Lemma in_graph_closure_diff {f h : nat -> R[i]} :
  l2 f -> l2 h -> in_graph_closure alpha T f h ->
  forall j, h j - h j.+1 = d j * (f j - f j.+1).
Proof.
move=> hf hh fh j; apply/eqP; rewrite -subr_eq0; apply/eqP/sqmod_le0.
pose K := 8 * (1 + sqmod (d j)).
have sqd0 := sqmod_ge0 (d j).
have K0 : 0 < K by rewrite mulr_gt0 // ltr_pwDl.
apply/ler_addgt0Pr => e e0; rewrite add0r.
have [P [c [t [Pc TPt fc ht]]]] := fh (e / K) (divr_gt0 e0 K0).
have [M [c0 _]] := Pc; have [M' [t0 _]] := TPt.
have diff_le (x y : nat -> R[i]) N : l2 x -> (forall k, (N <= k)%N -> y k = 0) ->
    l2dist2 x y < e / K -> sqmod ((x j - y j) - (x j.+1 - y j.+1)) <= 4 * (e / K).
  move=> hx y0 xy; apply: le_trans (sqmodB_le _ _) _.
  have := sqmod_le_l2dist2 j hx y0; have := sqmod_le_l2dist2 j.+1 hx y0; lra.
have fc_le := diff_le _ _ _ hf c0 fc; have ht_le := diff_le _ _ _ hh t0 ht.
have -> : h j - h j.+1 - d j * (f j - f j.+1) =
    (h j - t j - (h j.+1 - t j.+1)) - d j * (f j - c j - (f j.+1 - c j.+1))
    + (t j - t j.+1 - d j * (c j - c j.+1)) by ring.
rewrite (qcoord_graph Pc TPt j) subrr addr0.
apply: le_trans (sqmodB_le _ _) _; rewrite sqmodM.
have eK : K * (e / K) = e by rewrite mulrC divfK // gt_eqF.
have sqd_le := ler_wpM2l sqd0 fc_le.
rewrite -eK /K; move: (e / K) fc_le ht_le sqd_le => x; lra.
Qed.

Lemma in_graph_closure_of_diff {f g : nat -> R[i]} :
  l2 f -> l2 g -> (forall k, g k - g k.+1 = d k * (f k - f k.+1)) ->
  (fun n => n.+1%:R * sqmod (f n * d n - g n)) @ \oo --> 0 ->
  in_graph_closure alpha T f g.
Proof.
move=> hf hg gf err0 e e0.
have tailf := cvg_series_tail hf.
have tailg : (fun n => limn (series (fun k => sqmod (g k)))
    - series (fun k => sqmod (g k)) n.+1 + n.+1%:R * sqmod (f n * d n - g n)) @ \oo --> 0.
  by rewrite -[0]addr0; apply: cvgD => //; apply: cvg_series_tail.
have [n [fn gn]] := filter_ex (filterI (cvgr_lt _ tailf _ e0) (cvgr_lt _ tailg _ e0)).
(* truncate f after n and correct g by the constant that makes the last coordinate f_n d_n *)
pose c k := if (k <= n)%N then f k else 0.
pose t k := if (k <= n)%N then g k - (g n - f n * d n) else 0.
have c0 : vanish_from n.+1 c by move=> k; rewrite /c ltnNge => /negbTE ->.
have t0 : vanish_from n.+1 t by move=> k; rewrite /t ltnNge => /negbTE ->.
exists (\sum_(k < n.+1) c k *: q k), c, t; split.
- by exists n.+1.
- apply: qcoord_T_sum c0 t0 _ => k; rewrite /c /t; case: (ltngtP k n) => [kn|nk|->].
  + by rewrite -gf; ring.
  + by rewrite !subrr mulr0.
  + by ring.
- rewrite (l2dist2E hf c0) [X in _ + X]big_nat_cond big1 ?addr0 //.
  by move=> k /andP[/andP[_]]; rewrite ltnS /c => -> _; rewrite subrr sqmod0.
- rewrite (l2dist2E hg t0) [X in _ + X](eq_big_nat _ _ (F2 := fun=> sqmod (f n * d n - g n))).
    by rewrite sumr_const_nat subn0 -mulr_natl.
  move=> k /andP[_]; rewrite ltnS /t => ->.
  by rewrite -sqmodN; congr sqmod; ring.
Qed.

End CoordinateGraph.

Lemma gseqE {R : realType} (f d : nat -> R[i]) S k :
  gseq f d S k = S - psum f d k + f k * d k.
Proof. by rewrite /gseq; case: eqP => // ->; rewrite /psum big_geq // subr0. Qed.

Lemma psumS {R : realType} (f d : nat -> R[i]) k :
  psum f d k.+1 = psum f d k + f k.+1 * (d k.+1 - d k).
Proof. by rewrite /psum big_nat_recr. Qed.

Lemma gseq_diff {R : realType} (f d : nat -> R[i]) S k :
  gseq f d S k - gseq f d S k.+1 = d k * (f k - f k.+1).
Proof. by rewrite !gseqE psumS; ring. Qed.

Theorem theorem7 (R : realType) (alpha : R) (d : nat -> R[i])
    (T : {poly R[i]} -> {poly R[i]}) (f : nat -> R[i]) (S : R[i]) :
  -1 < alpha ->
  inDtilde d ->
  (* T = E_{p,d} with p = (L_n^(alpha+1)) : the linear map with T p_n = d_n p_n *)
  (forall (a : R[i]) (u v : {poly R[i]}), T (a *: u + v) = a *: T u + T v) ->
  (forall n, T (laguerre (alpha + 1) n) = d n *: laguerre (alpha + 1) n) ->
  l2 f ->
  (* (i) *)
  (fun n => sqmod (psum f d n - S)) @ \oo --> 0 ->
  (* (ii) *)
  l2 (gseq f d S) ->
  (* (iii) *)
  (fun n => n.+1%:R * sqmod (f n * d n - gseq f d S n)) @ \oo --> 0 ->
  in_closure_domain alpha T f /\
  in_graph_closure alpha T f (gseq f d S) /\
  (forall h, l2 h -> in_graph_closure alpha T f h -> h = gseq f d S).
Proof.
(* (i) is implied by (iii) (see gseqE); alpha > -1 and d in D~ only serve to make
   H(q) a Hilbert space, which is modelled here by l_2 coordinates *)
move=> _ _ T_linear T_eigen hf _ hg err0.
have closure := in_graph_closure_of_diff T_linear T_eigen hf hg (gseq_diff f d S) err0.
split; first by exists (gseq f d S).
split=> [// | h hh fh]; apply: (l2_eq_of_diff hh hg) => k.
by rewrite (in_graph_closure_diff T_linear T_eigen hf hh fh) gseq_diff.
Qed.
(* Let $D$ be a strongly connected tournament and let $S$ be a minimum feedback arc set of $D$ such that the subdigraph $D_S$ arc-induced by $S$ is a directed path. Let $m=|S|$ and $k\ge 2$. Then $D$ is $k$-AW if and only if $\gcd(k,F_{m+2})=1$.
   Context: A tournament is a digraph in which for every pair of distinct vertices $v,w$ exactly one of $vw$, $wv$ is an arc. Strongly connected: for any two vertices there are directed walks in both directions. For an ordering $\sigma=v_1,\dots,v_n$ of $V(D)$, the feedback arc set with respect to $\sigma$ is the set of arcs $v_jv_i\in A(D)$ with $i<j$; a feedback arc set is one with respect to some ordering; a minimum feedback arc set is one of minimum cardinality over all orderings. For $B\subseteq A(D)$, the arc-induced subdigraph $D_B$ has arc set $B$ and vertex set the vertices incident with arcs of $B$. A directed path is a digraph whose vertices can be ordered $u_1,\dots,u_p$ so that its arc set is exactly $\{u_iu_{i+1}:1\le i\le p-1\}$. Fibonacci numbers: $F_0=0,F_1=1,F_j=F_{j-1}+F_{j-2}$. The $k$-lights out game: start with a labeling $V(D)\to\mathbb{Z}_k$; toggling $v$ increases by $1$ mod $k$ the label of $v$ and of every $w$ with $vw\in A(D)$; the game is won when all labels are $0$. $D$ is $k$-AW if every labeling $V(D)\to\mathbb{Z}_k$ can be brought to the all-zero labeling by toggling. *)

From mathcomp Require Import all_boot all_algebra.
Set Implicit Arguments. Unset Strict Implicit. Unset Printing Implicit Defensive.
Import GRing.Theory.

Definition tournament (V : finType) (a : rel V) : Prop :=
  (forall v, ~~ a v v) /\
  (forall v w, v != w -> (a v w && ~~ a w v) || (a w v && ~~ a v w)).

Definition strongly_connected (V : finType) (a : rel V) : Prop :=
  forall v w, connect a v w.

Definition ordering (V : finType) (s : seq V) : Prop := perm_eq s (enum V).

Definition fas_wrt (V : finType) (a : rel V) (s : seq V) : {set V * V} :=
  [set e | a e.1 e.2 && (index e.2 s < index e.1 s)].

Definition feedback_arc_set (V : finType) (a : rel V) (S : {set V * V}) : Prop :=
  exists s, ordering s /\ S = fas_wrt a s.

Definition min_feedback_arc_set (V : finType) (a : rel V) (S : {set V * V}) : Prop :=
  feedback_arc_set a S /\
  forall s, ordering s -> #|S| <= #|fas_wrt a s|.

Definition arc_induced_vertices (V : finType) (B : {set V * V}) : {set V} :=
  [set x | [exists e in B, (e.1 == x) || (e.2 == x)]].

Definition arc_induced_is_dipath (V : finType) (B : {set V * V}) : Prop :=
  exists p : seq V,
    [/\ uniq p,
        arc_induced_vertices B = [set x in p] &
        forall e : V * V,
          e \in B <-> exists2 i, i.+1 < size p &
                        e = (nth e.1 p i, nth e.1 p i.+1)].

Fixpoint fib (n : nat) : nat :=
  match n with
  | 0 => 0
  | 1 => 1
  | (m.+1 as n').+1 => fib n' + fib m
  end.

(* k-lights out game. *)
Definition toggle (V : finType) (a : rel V) (k : nat)
    (l : V -> 'Z_k) (v : V) : V -> 'Z_k :=
  fun w => (if (w == v) || a v w then l w + 1 else l w)%R.

Definition toggles (V : finType) (a : rel V) (k : nat)
    (l : V -> 'Z_k) (s : seq V) : V -> 'Z_k :=
  foldl (toggle a (k:=k)) l s.

Definition k_AW (V : finType) (a : rel V) (k : nat) : Prop :=
  forall l : V -> 'Z_k, exists s : seq V, forall w, toggles a l s w = 0%R.

(* D is k-AW iff the pressing map x |-> (w |-> sum of x v over v = w and over
   the arcs v w), an endomorphism of ('Z_k)^V, is onto; by finiteness this
   means that its kernel is trivial.  Fix an ordering s whose backward arcs S
   form the path p_0 -> ... -> p_(n-1).  Against s, pressing is "prefix sums
   of x, corrected by the backward arcs" (press_prefix_sum).  Minimality of S
   forces every backward arc to jump over some vertex (min_fas_gap), so the
   predecessor in s of a path vertex is off the path (prev_off_dipath).  Hence
   a kernel element restricted to the path, y_t = x p_t, satisfies
   y_t = y_(t+1) - y_(t-1) with zero boundary values; the solutions of this
   recurrence are y_t = F_(t+1) y_0 with F_(n+1) y_0 = 0, and every solution
   extends to a kernel element (kernel_extend).  So the kernel is trivial iff
   multiplication by F_(n+1) is injective on 'Z_k, i.e. iff k and F_(n+1) are
   coprime, where n = |S| + 1. *)

From mathcomp Require Import all_boot all_algebra.
From mathcomp Require Import zify.
Set Implicit Arguments. Unset Strict Implicit. Unset Printing Implicit Defensive.
Import GRing.Theory.

Local Open Scope ring_scope.

Lemma surjF_inj (T : finType) (f : T -> T) :
  (forall y, exists x, f x == y) -> injective f.
Proof.
move=> fS; pose g y := xchoose (fS y).
have gK : cancel g f by move=> y; apply/eqP; exact: (xchooseP (fS y)).
have [h gh hg] := injF_bij (can_inj gK).
by move=> x1 x2; rewrite -[x1]hg -[x2]hg !gK => ->.
Qed.

Section LightsOut.
Variables (V : finType) (a : rel V).

(* press x w is the total change of the label of w when every vertex v is
   toggled x v times: w gains x v for v = w and for every arc v w. *)
Definition press (R : nmodType) (x : V -> R) (w : V) : R :=
  \sum_v (if (w == v) || a v w then x v else 0).

Definition in_kernel (R : nmodType) (x : V -> R) : Prop := forall w, press x w = 0.

Lemma eq_press (R : nmodType) (x y : V -> R) : x =1 y -> press x =1 press y.
Proof. by move=> xy w; apply: eq_bigr => v _; rewrite xy. Qed.

Lemma pressB (R : zmodType) (x y : V -> R) w :
  press (fun v => x v - y v) w = press x w - press y w.
Proof. by rewrite /press -sumrB; apply: eq_bigr => v _; case: ifP; rewrite ?subr0. Qed.

Lemma toggles_press (k : nat) (l : V -> 'Z_k) (s : seq V) w :
  toggles a l s w = l w + press (fun v => (count_mem v s)%:R) w.
Proof.
elim: s l => [|u s IH] l.
  by rewrite /press big1 ?addr0 // => v _; case: ifP.
rewrite /toggles /= -/(toggles _ _ _) IH /toggle /press.
rewrite [in RHS](eq_bigr (fun v => (if (w == v) || a v w then (u == v)%:R else 0) +
                          (if (w == v) || a v w then (count_mem v s)%:R else 0))); last first.
  by move=> v _; case: ifP; rewrite ?addr0 //= natrD.
rewrite big_split /= addrA; congr (_ + _); rewrite (bigD1 u) //= eqxx big1 ?addr0.
  by case: ifP; rewrite ?addr0.
by move=> v; rewrite eq_sym => /negPf ->; case: ifP.
Qed.

Definition toggle_seq (k : nat) (x : V -> 'Z_k) : seq V :=
  flatten [seq nseq (x u : nat) u | u <- enum V].

Lemma toggles_realise (k : nat) (x : V -> 'Z_k) l w :
  toggles a l (toggle_seq x) w = l w + press x w.
Proof.
rewrite toggles_press; congr (_ + _); apply: eq_press => v.
rewrite count_flatten -map_comp sumnE big_map big_enum /= (bigD1 v) //=.
rewrite count_nseq /= eqxx mul1n big1 ?addn0 ?natr_Zp // => u /negPf uv.
by rewrite /= count_nseq /= uv.
Qed.

Lemma kAW_press_onto (k : nat) :
  k_AW a k <-> forall y : V -> 'Z_k, exists x, forall w, press x w = y w.
Proof.
split=> [kAW y | onto l].
  have [s win] := kAW (fun w => - y w).
  exists (fun v => (count_mem v s)%:R) => w.
  by apply/eqP; rewrite -subr_eq0 addrC -(win w) toggles_press.
have [x xl] := onto (fun w => - l w).
by exists (toggle_seq x) => w; rewrite toggles_realise xl subrr.
Qed.
(* Let $L$ be an $R_0$-algebra, $k\in[0,1)$, and $\mu:L\to[0,1]$ a fuzzy subset. Then $\mu$ is an $(\in,\in\vee q_k)$-fuzzy fated filter of $L$ if and only if for every $t\in(0,\tfrac{1-k}{2}]$ the level set $U(\mu;t)=\{x\in L\mid \mu(x)\ge t\}$ is either empty or a fated filter of $L$.
   Context: An $R_0$-algebra is a bounded distributive lattice $(L,\wedge,\vee,0,1)$ with an order-reversing involution $\neg$ and a binary operation $\to$ such that for all $x,y,z\in L$: $x\to y=\neg y\to\neg x$; $1\to x=x$; $(y\to z)\wedge((x\to y)\to(x\to z))=y\to z$; $x\to(y\to z)=y\to(x\to z)$; $x\to(y\vee z)=(x\to y)\vee(x\to z)$; $(x\to y)\vee((x\to y)\to(\neg x\vee y))=1$. A fated filter of $L$ is a nonempty subset $A\subseteq L$ with $1\in A$ such that for all $x,y\in L$ and $a\in A$, $a\to((x\to y)\to x)\in A$ implies $x\in A$. For $x\in L$, $t\in(0,1]$: $x_t\in\mu$ iff $\mu(x)\ge t$; $x_t\,q_k\,\mu$ iff $\mu(x)+t+k>1$; $x_t\in\vee q_k\,\mu$ iff $x_t\in\mu$ or $x_t\,q_k\,\mu$. $\mu$ is an $(\in,\in\vee q_k)$-fuzzy fated filter of $L$ if (1) for all $x\in L$, $t\in(0,1]$: $x_t\in\mu\Rightarrow 1_t\in\vee q_k\,\mu$; and (2) for all $x,a,y\in L$, $t,s\in(0,1]$: if $(a\to((x\to y)\to x))_t\in\mu$ and $a_s\in\mu$ then $x_{\min\{t,s\}}\in\vee q_k\,\mu$. *)

From HB Require Import structures.
From mathcomp Require Import all_boot all_order all_algebra.
From mathcomp Require Import reals.
Set Implicit Arguments. Unset Strict Implicit. Unset Printing Implicit Defensive.
Import Order.TTheory GRing.Theory Num.Theory.

Record R0_algebra (d : Order.disp_t) (L : tbDistrLatticeType d)
    (neg : L -> L) (imp : L -> L -> L) : Prop := {
  r0_neg_invol : forall x : L, neg (neg x) = x;
  r0_neg_rev : forall x y : L, (x <= y)%O -> (neg y <= neg x)%O;
  r0_contra : forall x y : L, imp x y = imp (neg y) (neg x);
  r0_one_imp : forall x : L, imp \top%O x = x;
  r0_trans : forall x y z : L,
    Order.meet (imp y z) (imp (imp x y) (imp x z)) = imp y z;
  r0_exch : forall x y z : L, imp x (imp y z) = imp y (imp x z);
  r0_imp_join : forall x y z : L,
    imp x (Order.join y z) = Order.join (imp x y) (imp x z);
  r0_last : forall x y : L,
    Order.join (imp x y) (imp (imp x y) (Order.join (neg x) y)) = \top%O
}.

Definition fated_filter (d : Order.disp_t) (L : tbDistrLatticeType d)
    (imp : L -> L -> L) (A : L -> Prop) : Prop :=
  (exists x, A x) /\ A \top%O /\
  (forall x y a : L, A a -> A (imp a (imp (imp x y) x)) -> A x).

Local Open Scope ring_scope.

(* x_t \in mu *)
Definition fin (d : Order.disp_t) (L : tbDistrLatticeType d) (R : realType)
    (mu : L -> R) (x : L) (t : R) : Prop := t <= mu x.
(* x_t q_k mu *)
Definition fq (d : Order.disp_t) (L : tbDistrLatticeType d) (R : realType)
    (k : R) (mu : L -> R) (x : L) (t : R) : Prop := 1 < mu x + t + k.
(* x_t \in\/q_k mu *)
Definition finq (d : Order.disp_t) (L : tbDistrLatticeType d) (R : realType)
    (k : R) (mu : L -> R) (x : L) (t : R) : Prop := fin mu x t \/ fq k mu x t.

Definition fuzzy_fated_filter (d : Order.disp_t) (L : tbDistrLatticeType d)
    (R : realType) (imp : L -> L -> L) (k : R) (mu : L -> R) : Prop :=
  (forall (x : L) (t : R), 0 < t <= 1 -> fin mu x t -> finq k mu \top%O t) /\
  (forall (x a y : L) (t s : R), 0 < t <= 1 -> 0 < s <= 1 ->
     fin mu (imp a (imp (imp x y) x)) t -> fin mu a s ->
     finq k mu x (Num.min t s)).

Definition level_set (d : Order.disp_t) (L : tbDistrLatticeType d) (R : realType)
    (mu : L -> R) (t : R) : L -> Prop := fun x => t <= mu x.

From HB Require Import structures.
From mathcomp Require Import all_boot all_order all_algebra.
From mathcomp Require Import reals.
From mathcomp Require Import lra.
From Stdlib Require Import Classical.
Import Order.TTheory GRing.Theory Num.Theory.
Local Open Scope ring_scope.

(* For levels [t <= (1 - k) / 2] the quasi-coincidence [x_t q_k mu] already
   forces [x_t \in mu]; conversely, [x_t \in\/q_k mu] at an arbitrary level
   [t] is implied by [x_r \in mu] for all levels [0 < r <= min t ((1 - k) / 2)].
   Hence both conditions on [mu] amount to the fated-filter conditions on the
   level sets below [(1 - k) / 2]. *)

Section CappedLevels.

Variables (R : realType) (k : R).
Hypothesis k_lt1 : k < 1.

Lemma fin_of_finq_capped (m t : R) :
  t <= (1 - k) / 2 -> t <= m \/ 1 < m + t + k -> t <= m.
Proof. by move=> ht [|hq] //; lra. Qed.

Lemma finq_of_capped_levels (m t : R) : 0 < t ->
  (forall r, 0 < r <= (1 - k) / 2 -> r <= t -> r <= m) ->
  t <= m \/ 1 < m + t + k.
Proof.
move=> ht0 hlev; have hcap0 : 0 < (1 - k) / 2 by rewrite divr_gt0 // subr_gt0.
case: (lerP t m) => [|hmt]; [by left | right].
case: (lerP t ((1 - k) / 2)) => htc.
- suff : t <= m by lra.
  by apply: hlev; rewrite ?ht0 ?htc ?lexx.
- suff : (1 - k) / 2 <= m by lra.
  by apply: hlev; [rewrite hcap0 lexx | exact: ltW].
Qed.

End CappedLevels.

Section LevelSets.

Variables (d : Order.disp_t) (L : tbDistrLatticeType d) (imp : L -> L -> L).
Variables (R : realType) (mu : L -> R).

Lemma level_set_empty_or_fated_filterP (t : R) :
  (forall x, ~ level_set mu t x) \/ fated_filter imp (level_set mu t) <->
  ((exists x, t <= mu x) ->
   t <= mu \top%O /\
   forall x y a, t <= mu a -> t <= mu (imp a (imp (imp x y) x)) -> t <= mu x).
Proof.
split.
- by case=> [hempty [x hx] | [_ [htop hcl]]]; [case: (hempty x) | split].
- move=> H; case: (classic (exists x, t <= mu x)) => [hne | hempty].
    by right; have [htop hcl] := H hne; split.
  by left=> x hx; apply: hempty; exists x.
Qed.

End LevelSets.

Theorem theorem3p12 (d : Order.disp_t) (L : tbDistrLatticeType d)
    (neg : L -> L) (imp : L -> L -> L) (HL : R0_algebra neg imp)
    (R : realType) (k : R) (hk : 0 <= k < 1)
    (mu : L -> R) (hmu : forall x : L, 0 <= mu x <= 1) :
  fuzzy_fated_filter imp k mu <->
  (forall t : R, 0 < t <= (1 - k) / 2 ->
     (forall x : L, ~ level_set mu t x) \/ fated_filter imp (level_set mu t)).
Proof.
case/andP: hk => hk0 hk1.
split.
- move=> [htop hcl] t /andP[ht0 ht1]; apply/level_set_empty_or_fated_filterP.
  have ht : 0 < t <= 1 by apply/andP; split; lra.
  move=> [x0 hx0]; split; first exact: fin_of_finq_capped ht1 (htop x0 t ht hx0).
  move=> x y a ha hi; apply: (@fin_of_finq_capped R k (mu x) t ht1).
  by rewrite -[t]minxx; apply: hcl hi ha.
- move=> H; have {}H r hr :=
    iffLR (@level_set_empty_or_fated_filterP _ _ imp _ mu r) (H r hr).
  split.
  + move=> x t /andP[ht0 _] hx; apply: finq_of_capped_levels => // r hr hrt.
    by case: (H r hr); [exists x; apply: le_trans hx|].
  + move=> x a y t s /andP[ht0 _] /andP[hs0 _] hi ha.
    have hts : 0 < Num.min t s by rewrite lt_min ht0.
    apply: finq_of_capped_levels => // r hr hrts.
    have [hrt hrs] : r <= t /\ r <= s by move: hrts; rewrite le_min => /andP.
    have hra : r <= mu a := le_trans hrs ha.
    by have [_ hcl] := H r hr (ex_intro _ a hra); apply: hcl hra (le_trans hrt hi).
Qed.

What the task requires – From the entries above, return exactly the line containing "have eK : K", the line containing "have tailg : (fun", and all lines between, and nothing else.

Exercise result –
have eK : K * (e / K) = e by rewrite mulrC divfK // gt_eqF.
have sqd_le := ler_wpM2l sqd0 fc_le.
rewrite -eK /K; move: (e / K) fc_le ht_le sqd_le => x; lra.
Qed.

Lemma in_graph_closure_of_diff {f g : nat -> R[i]} :
  l2 f -> l2 g -> (forall k, g k - g k.+1 = d k * (f k - f k.+1)) ->
  (fun n => n.+1%:R * sqmod (f n * d n - g n)) @ \oo --> 0 ->
  in_graph_closure alpha T f g.
Proof.
move=> hf hg gf err0 e e0.
have tailf := cvg_series_tail hf.
have tailg : (fun n => limn (series (fun k => sqmod (g k)))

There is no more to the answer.